Here is a block of records. Copy every line in it that includes "Import".

[Saved data entries]
--- START ---
(* For every integer $\omega$, there is a proof labeling scheme of size $O(\log n)$ for the class $\mathcal{G}_\omega$ of all graphs $G$ such that each connected component of $G$ admits an elimination tree of width at most $\omega$ which is a spanning tree of (i.e., a subgraph of) that component.
   Context: An elimination tree of a connected graph $G$ is a rooted tree $F$ with $V(F)=V(G)$ such that for every edge $uv$ of $G$, one of $u,v$ is an ancestor of the other in $F$. For $v\in V(F)$ let $F_v$ be the subtree rooted at $v$ and let $\mathsf{str}(v)$ consist of $v$ together with all strict ancestors of $v$ that have a neighbour (in $G$) in $V(F_v)$. The width of $F$ is $\max_v|\mathsf{str}(v)|-1$. Each vertex has a unique identifier in $\{1,\dots,n\}$. A proof labeling scheme for a class $\Pi$: a prover assigns binary labels to vertices; a verifier at $v$ sees only $\mathsf{id}(v)$ and $(\mathsf{id}(w),\varphi(w))$ for $w\in N[v]$ and outputs Yes/No; completeness: on graphs in $\Pi$ the prover's labels make all vertices output Yes; soundness: on graphs not in $\Pi$, for every labeling some vertex outputs No. Size $O(\log n)$: all labels have length $O(\log n)$. *)

From mathcomp Require Import all_boot all_order all_algebra.
Set Implicit Arguments. Unset Strict Implicit. Unset Printing Implicit Defensive.
Import GRing.Theory Num.Theory.

Definition simple_graph (n : nat) (e : rel 'I_n) : Prop :=
  (forall u v, e u v = e v u) /\ (forall v, ~~ e v v).

Definition component n (e : rel 'I_n) (v : 'I_n) : {set 'I_n} :=
  [set u | connect e v u].

Definition rooted_tree_on n (C : {set 'I_n}) (r : 'I_n) (p : 'I_n -> 'I_n) : Prop :=
  [/\ r \in C, p r = r,
      forall v, v \in C -> p v \in C
    & forall v, v \in C -> exists k, iter k p v = r].

(* u is an ancestor of v (non-strict: includes u = v): u is reached
   from v by following parent pointers (at most n steps suffice on n
   vertices; this makes the predicate boolean). *)
Definition ancestor n (p : 'I_n -> 'I_n) (u v : 'I_n) : bool :=
  [exists k : 'I_n.+1, iter k p v == u].

Definition elimination_tree n (e : rel 'I_n) (C : {set 'I_n}) r p : Prop :=
  rooted_tree_on C r p /\
  forall u v, u \in C -> e u v -> ancestor p u v \/ ancestor p v u.

Definition tree_is_subgraph n (e : rel 'I_n) (C : {set 'I_n}) r p : Prop :=
  forall v, v \in C -> v != r -> e v (p v).

Definition subtree n (C : {set 'I_n}) (p : 'I_n -> 'I_n) (v : 'I_n) : {set 'I_n} :=
  [set u in C | ancestor p v u ].

Definition str n (e : rel 'I_n) (C : {set 'I_n}) (p : 'I_n -> 'I_n) (v : 'I_n)
  : {set 'I_n} :=
  v |: [set a | [&& a != v, ancestor p a v
                 & [exists w in subtree C p v, e a w]]].

Definition width_le n (e : rel 'I_n) (C : {set 'I_n}) p (w : int) : Prop :=
  forall v, v \in C -> ((#|str e C p v|)%:Z - 1 <= w)%R.

Definition in_G_omega (w : int) n (e : rel 'I_n) : Prop :=
  forall v : 'I_n, exists (r : 'I_n) (p : 'I_n -> 'I_n),
    let C := component e v in
    [/\ elimination_tree e C r p, tree_is_subgraph e C r p & width_le e C p w].

Definition valid_ids n (id : 'I_n -> nat) : Prop :=
  injective id /\ forall v, 1 <= id v <= n.

(* Local view of v: the pairs (id w, label w) for w in N[v], listed in
   increasing order of identifier (a canonical encoding of the set). *)
Definition view n (e : rel 'I_n) (id : 'I_n -> nat) (lab : 'I_n -> bitseq)
  (v : 'I_n) : seq (nat * bitseq) :=
  sort (fun a b => a.1 <= b.1)
       [seq (id w, lab w) | w <- enum 'I_n & (w == v) || e v w].

Definition verifier := nat -> seq (nat * bitseq) -> bool.

Definition has_log_PLS (P : forall n, rel 'I_n -> Prop) : Prop :=
  exists (ver : verifier) (c : nat),
  forall n (e : rel 'I_n) (id : 'I_n -> nat),
    simple_graph e -> valid_ids id ->
    (P n e ->
       exists lab : 'I_n -> bitseq,
         (forall v, size (lab v) <= c * (trunc_log 2 n).+1) /\
         (forall v, ver (id v) (view e id lab v))) /\
    (~ P n e -> forall lab : 'I_n -> bitseq, exists v, ver (id v) (view e id lab v) = false).

From mathcomp Require Import all_boot all_order all_algebra zify.
From Stdlib Require Import ClassicalEpsilon.
Set Implicit Arguments. Unset Strict Implicit. Unset Printing Implicit Defensive.

(* The prover certifies, in each component, the given elimination tree F: the
   label of v encodes the identifiers of the root and of the parent of v, the
   depth of v, and the identifiers of str(v), i.e. O((w + 4) log n) bits.  A
   vertex accepts if its neighbours agree on the root, its list has at most
   w + 1 entries and contains itself, every neighbour that is not deeper is in
   its list (such a neighbour is an ancestor adjacent to F_v), and its parent is
   a neighbour one level up whose list contains its own list minus itself.
   Conversely, accepted labels make the decoded parent pointers strictly
   decrease depth inside a component, so they form a spanning tree rooted at
   the unique vertex of depth 0; by induction on depth every identifier in the
   list of v is that of an ancestor of v, so each edge joins a vertex to an
   ancestor, and the lists contain the true sets str(v), bounding the width. *)

Fixpoint bits_of_nat (fuel k : nat) : bitseq :=
  if fuel is fuel'.+1 then
    if k == 0 then [::] else odd k :: bits_of_nat fuel' k./2
  else [::].

Definition nat_of_bits (s : bitseq) : nat := foldr (fun (b : bool) m => b + m.*2) 0 s.

(* Self-delimiting code: each bit [b] is written [true; b], and [false] ends the word. *)
Definition encode_bits (x : bitseq) : bitseq :=
  flatten [seq [:: true; b] | b <- x] ++ [:: false].

Fixpoint decode_bits (s : bitseq) : seq bitseq :=
  match s with
  | false :: s' => [::] :: decode_bits s'
  | true :: b :: s' =>
      if decode_bits s' is x :: xs then (b :: x) :: xs else [:: [:: b]]
  | _ => [::]
  end.

Definition encode_nats (s : seq nat) : bitseq :=
  flatten [seq encode_bits (bits_of_nat k k) | k <- s].

Definition decode_nats (l : bitseq) : seq nat := map nat_of_bits (decode_bits l).

Lemma bits_of_natK fuel k : k <= fuel -> nat_of_bits (bits_of_nat fuel k) = k.
Proof.
elim: fuel k => [|fuel IH] k /=; first by rewrite leqn0 => /eqP->.
case: eqP => [->//|/eqP k0 kf] /=.
rewrite IH ?odd_double_half // -divn2; lia.
Qed.

Lemma decode_bits_cat x s : decode_bits (encode_bits x ++ s) = x :: decode_bits s.
Proof. by elim: x => //= b x; rewrite /encode_bits => /= ->. Qed.

Lemma encode_natsK : cancel encode_nats decode_nats.
Proof.
rewrite /decode_nats; elim=> [|k s IH] //=.
by rewrite /encode_nats /= decode_bits_cat /= bits_of_natK // IH.
Qed.

Lemma size_bits_of_nat fuel k m : k < 2 ^ m -> size (bits_of_nat fuel k) <= m.
Proof.
elim: fuel k m => [|fuel IH] k [|m] //=; case: eqP => // /eqP k0; first by rewrite expn0; lia.
rewrite expnS => km; apply: IH; rewrite -divn2; move: km; set X := 2 ^ m; lia.
Qed.

Lemma size_encode_bits x : size (encode_bits x) = (size x).*2.+1.
Proof. by rewrite size_cat addn1; elim: x => //= b x ->; rewrite doubleS. Qed.

Lemma size_encode_nats s n : all (leq^~ n) s ->
  size (encode_nats s) <= size s * (3 * (trunc_log 2 n).+1).
Proof.
have n_lt := @trunc_log_ltn 2 n erefl.
elim: s => //= k s IH /andP[kn /IH {}IH].
rewrite /encode_nats /= size_cat mulSn leq_add // size_encode_bits.
have : size (bits_of_nat k k) <= (trunc_log 2 n).+1.
  by apply: size_bits_of_nat; apply: leq_ltn_trans kn n_lt.
lia.
Qed.

Lemma ancestorP n (p : 'I_n -> 'I_n) a v :
  reflect (exists k, iter k p v = a) (ancestor p a v).
Proof.
apply: (iffP existsP) => [[k /eqP <-]|[k hk]]; first by exists k.
have va : fconnect p v a by rewrite -hk fconnect_iter.
have a_lt : findex p v a < n.+1.
  apply: leq_trans (findex_max va) (leqW _).
  by apply: leq_trans (max_card _) _; rewrite card_ord.
by exists (Ordinal a_lt); rewrite /= iter_findex.
Qed.

Definition label_of (V : seq (nat * bitseq)) (i : nat) : bitseq :=
  (nth (0, [::]) V (find (fun x => x.1 == i) V)).2.

Section View.
Variables (n : nat) (e : rel 'I_n) (id : 'I_n -> nat) (lab : 'I_n -> bitseq).

Lemma mem_view v a b : ((a, b) \in view e id lab v) =
  [exists x, [&& (x == v) || e v x, a == id x & b == lab x]].
Proof.
rewrite /view mem_sort; apply/mapP/existsP => [[x]|[x /and3P[vx /eqP-> /eqP->]]].
  by rewrite mem_filter mem_enum andbT => vx [-> ->]; exists x; rewrite vx !eqxx.
by exists x; rewrite // mem_filter mem_enum vx.
Qed.

Lemma in_view v x : (x == v) || e v x -> (id x, lab x) \in view e id lab v.
Proof. by move=> vx; rewrite mem_view; apply/existsP; exists x; rewrite vx !eqxx. Qed.

Lemma in_viewP v a b : (a, b) \in view e id lab v ->
  exists2 x, (x == v) || e v x & a = id x /\ b = lab x.
Proof. by rewrite mem_view => /existsP[x /and3P[vx /eqP-> /eqP->]]; exists x. Qed.

Lemma label_of_view v : injective id -> label_of (view e id lab v) (id v) = lab v.
Proof.
move=> id_inj; rewrite /label_of; set V := view _ _ _ _.
have hasv : has (fun x => x.1 == id v) V.
  by apply/hasP; exists (id v, lab v); rewrite ?in_view ?eqxx.
have := nth_find (0, [::]) hasv; rewrite has_find in hasv.
have := mem_nth (0, [::]) hasv; case: (nth _ _ _) => a b /in_viewP[x _ [-> ->]] /=.
by move=> /eqP /id_inj ->.
Qed.

End View.

Definition lab_root (l : bitseq) : nat := nth 0 (decode_nats l) 0.
Definition lab_parent (l : bitseq) : nat := nth 0 (decode_nats l) 1.
Definition lab_depth (l : bitseq) : nat := nth 0 (decode_nats l) 2.
Definition lab_str (l : bitseq) : seq nat := drop 3 (decode_nats l).

Definition local_ok (w : int) (i : nat) (l : bitseq) (V : seq (nat * bitseq)) : bool :=
  [&& all (fun x => lab_root x.2 == lab_root l) V,
      ((size (lab_str l))%:Z - 1 <= w)%R,
      i \in lab_str l,
      all (fun x => (x.1 != i) ==> (lab_depth x.2 <= lab_depth l) ==> (x.1 \in lab_str l)) V
    & if lab_depth l == 0 then
        [&& i == lab_root l, lab_parent l == i & all (pred1 i) (lab_str l)]
      else has (fun x => [&& x.1 == lab_parent l, lab_depth x.2 == (lab_depth l).-1
                           & all (fun s => (s == i) || (s \in lab_str x.2)) (lab_str l)]) V].

Definition pls_verifier (w : int) : verifier := fun i V => local_ok w i (label_of V i) V.

Section Soundness.
Variables (w : int) (n : nat) (e : rel 'I_n) (id : 'I_n -> nat) (lab : 'I_n -> bitseq).
Hypotheses (e_simple : simple_graph e) (id_valid : valid_ids id).
Hypothesis accepts : forall v, pls_verifier w (id v) (view e id lab v).

Let id_inj : injective id := id_valid.1.
Let R v := lab_root (lab v).
Let P v := lab_parent (lab v).
Let D v := lab_depth (lab v).
Let S v := lab_str (lab v).

Lemma local_ok_at v : local_ok w (id v) (lab v) (view e id lab v).
Proof. by have := accepts v; rewrite /pls_verifier label_of_view. Qed.

Lemma ok_root v x : (x == v) || e v x -> R x = R v.
Proof. by move=> vx; case/and5P: (local_ok_at v) => /allP/(_ _ (in_view id lab vx))/eqP. Qed.

Lemma ok_width v : ((size (S v))%:Z - 1 <= w)%R.
Proof. by case/and5P: (local_ok_at v). Qed.

Lemma ok_self v : id v \in S v.
Proof. by case/and5P: (local_ok_at v). Qed.

Lemma ok_nbr v x : e v x -> D x <= D v -> id x \in S v.
Proof.
move=> vx xv; have vx' : (x == v) || e v x by rewrite vx orbT.
case/and5P: (local_ok_at v) => _ _ _ /allP/(_ _ (in_view id lab vx')) /= + _.
suff -> : id x != id v by rewrite xv.
by apply: contraTneq vx => /id_inj->; rewrite (negbTE (e_simple.2 v)).
Qed.

Lemma ok_depth0 v : D v = 0 ->
  [/\ id v = R v, P v = id v & forall s, s \in S v -> s = id v].
Proof.
move=> Dv; case/and5P: (local_ok_at v) => _ _ _ _; rewrite -/(D v) Dv eqxx.
by case/and3P => /eqP vR /eqP Pv /allP S1; split=> // s /S1 /eqP.
Qed.

Lemma ok_depthS v : D v != 0 -> exists x, [/\ (x == v) || e v x, id x = P v,
  D x = (D v).-1 & forall s, s \in S v -> s = id v \/ s \in S x].
Proof.
move=> Dv; case/and5P: (local_ok_at v) => _ _ _ _; rewrite -/(D v) (negbTE Dv).
case/hasP => [[a b]] /in_viewP[x vx [-> ->]] /and3P[/eqP Px /eqP Dx /allP Sx].
by exists x; split=> // s /Sx /orP[/eqP|]; [left|right].
Qed.

Definition decoded_parent (u : 'I_n) : 'I_n :=
  odflt u [pick x | ((x == u) || e u x) && (id x == P u)].

Local Notation par := decoded_parent.

Lemma decoded_parent0 v : D v = 0 -> par v = v.
Proof.
case/ok_depth0 => _ Pv _; rewrite /par; case: pickP => //= x /andP[_ /eqP].
by rewrite Pv => /id_inj.
Qed.

Lemma decoded_parentS v : D v != 0 -> [/\ e v (par v), D (par v) = (D v).-1
  & forall s, s \in S v -> s = id v \/ s \in S (par v)].
Proof.
move=> Dv; have [x [vx idx Dx Sx]] := ok_depthS Dv.
have -> : par v = x.
  rewrite /par; case: pickP => [y /andP[_ /eqP]|/(_ x)]; last by rewrite vx idx eqxx.
  by rewrite -idx => /id_inj.
by split=> //; case/orP: vx => // /eqP xv; move: Dx Dv; rewrite xv; lia.
Qed.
--- END ---
Solution to this task.
From mathcomp Require Import all_boot all_order all_algebra.
Import GRing.Theory Num.Theory.
From mathcomp Require Import all_boot all_order all_algebra zify.
From Stdlib Require Import ClassicalEpsilon.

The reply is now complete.